#### [What you should do]
Retype each record exactly.

::: Supplied data :::

Lemma horner_char_poly (R : comNzRingType) n (A : 'M[R]_n) (x : R) :
  (char_poly A).[x] = \det (x%:M - A).
Proof.
rewrite /char_poly -horner_evalE -det_map_mx; congr (\det _).
apply/matrixP => i j; rewrite !mxE /= horner_evalE.
by rewrite hornerD hornerN hornerC hornerMn hornerX.
Qed.

Lemma size_char_poly_roots (R : idomainType) n (A : 'M[R]_n) (mu : seq R) :
  char_poly A = \prod_(m <- mu) ('X - m%:P) -> size mu = n.
Proof.
by move=> cA; apply/succn_inj; rewrite -(size_char_poly A) cA size_prod_XsubC.
Qed.

Lemma det_affine_of_char_poly (R : fieldType) n (A : 'M[R]_n) (mu : seq R) (a b : R) :
  b != 0 -> char_poly A = \prod_(m <- mu) ('X - m%:P) ->
  \det (a%:M + b *: A) = \prod_(m <- mu) (a + b * m).
Proof.
move=> b0 cA.
have size_mu := size_char_poly_roots cA.
have -> : a%:M + b *: A = (- b) *: ((- (a / b))%:M - A).
  apply/matrixP => i j; rewrite !mxE.
  by case: eqP => _; rewrite ?mulr1n ?mulr0n; field.
rewrite detZ -horner_char_poly cA horner_prod -size_mu {size_mu cA}.
elim: mu => [|m s IH]; first by rewrite !big_nil expr0 mulr1.
by rewrite !big_cons /= exprS -IH hornerXsubC; field.
Qed.

Lemma poly_eq_on_ge (R : numDomainType) (c : R) (p q : {poly R}) :
  (forall x, c <= x -> p.[x] = q.[x]) -> p = q.
Proof.
move=> pq; apply/eqP; rewrite -subr_eq0; apply/eqP.
apply: (@roots_geq_poly_eq0 _ _ [seq c + i%:R | i <- iota 0 (size (p - q))]).
- apply/allP => _ /mapP [i _ ->].
  by rewrite /root hornerD hornerN pq ?subrr // lerDl ler0n.
- by rewrite map_inj_uniq ?iota_uniq // => i j /addrI /eqP; rewrite eqr_nat => /eqP.
- by rewrite size_map size_iota.
Qed.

:::

#### [Output below]
Lemma horner_char_poly (R : comNzRingType) n (A : 'M[R]_n) (x : R) :
  (char_poly A).[x] = \det (x%:M - A).
Proof.
rewrite /char_poly -horner_evalE -det_map_mx; congr (\det _).
apply/matrixP => i j; rewrite !mxE /= horner_evalE.
by rewrite hornerD hornerN hornerC hornerMn hornerX.
Qed.

Lemma size_char_poly_roots (R : idomainType) n (A : 'M[R]_n) (mu : seq R) :
  char_poly A = \prod_(m <- mu) ('X - m%:P) -> size mu = n.
Proof.
by move=> cA; apply/succn_inj; rewrite -(size_char_poly A) cA size_prod_XsubC.
Qed.

Lemma det_affine_of_char_poly (R : fieldType) n (A : 'M[R]_n) (mu : seq R) (a b : R) :
  b != 0 -> char_poly A = \prod_(m <- mu) ('X - m%:P) ->
  \det (a%:M + b *: A) = \prod_(m <- mu) (a + b * m).
Proof.
move=> b0 cA.
have size_mu := size_char_poly_roots cA.
have -> : a%:M + b *: A = (- b) *: ((- (a / b))%:M - A).
  apply/matrixP => i j; rewrite !mxE.
  by case: eqP => _; rewrite ?mulr1n ?mulr0n; field.
rewrite detZ -horner_char_poly cA horner_prod -size_mu {size_mu cA}.
elim: mu => [|m s IH]; first by rewrite !big_nil expr0 mulr1.
by rewrite !big_cons /= exprS -IH hornerXsubC; field.
Qed.

Lemma poly_eq_on_ge (R : numDomainType) (c : R) (p q : {poly R}) :
  (forall x, c <= x -> p.[x] = q.[x]) -> p = q.
Proof.
move=> pq; apply/eqP; rewrite -subr_eq0; apply/eqP.
apply: (@roots_geq_poly_eq0 _ _ [seq c + i%:R | i <- iota 0 (size (p - q))]).
- apply/allP => _ /mapP [i _ ->].
  by rewrite /root hornerD hornerN pq ?subrr // lerDl ler0n.
- by rewrite map_inj_uniq ?iota_uniq // => i j /addrI /eqP; rewrite eqr_nat => /eqP.
- by rewrite size_map size_iota.
Qed.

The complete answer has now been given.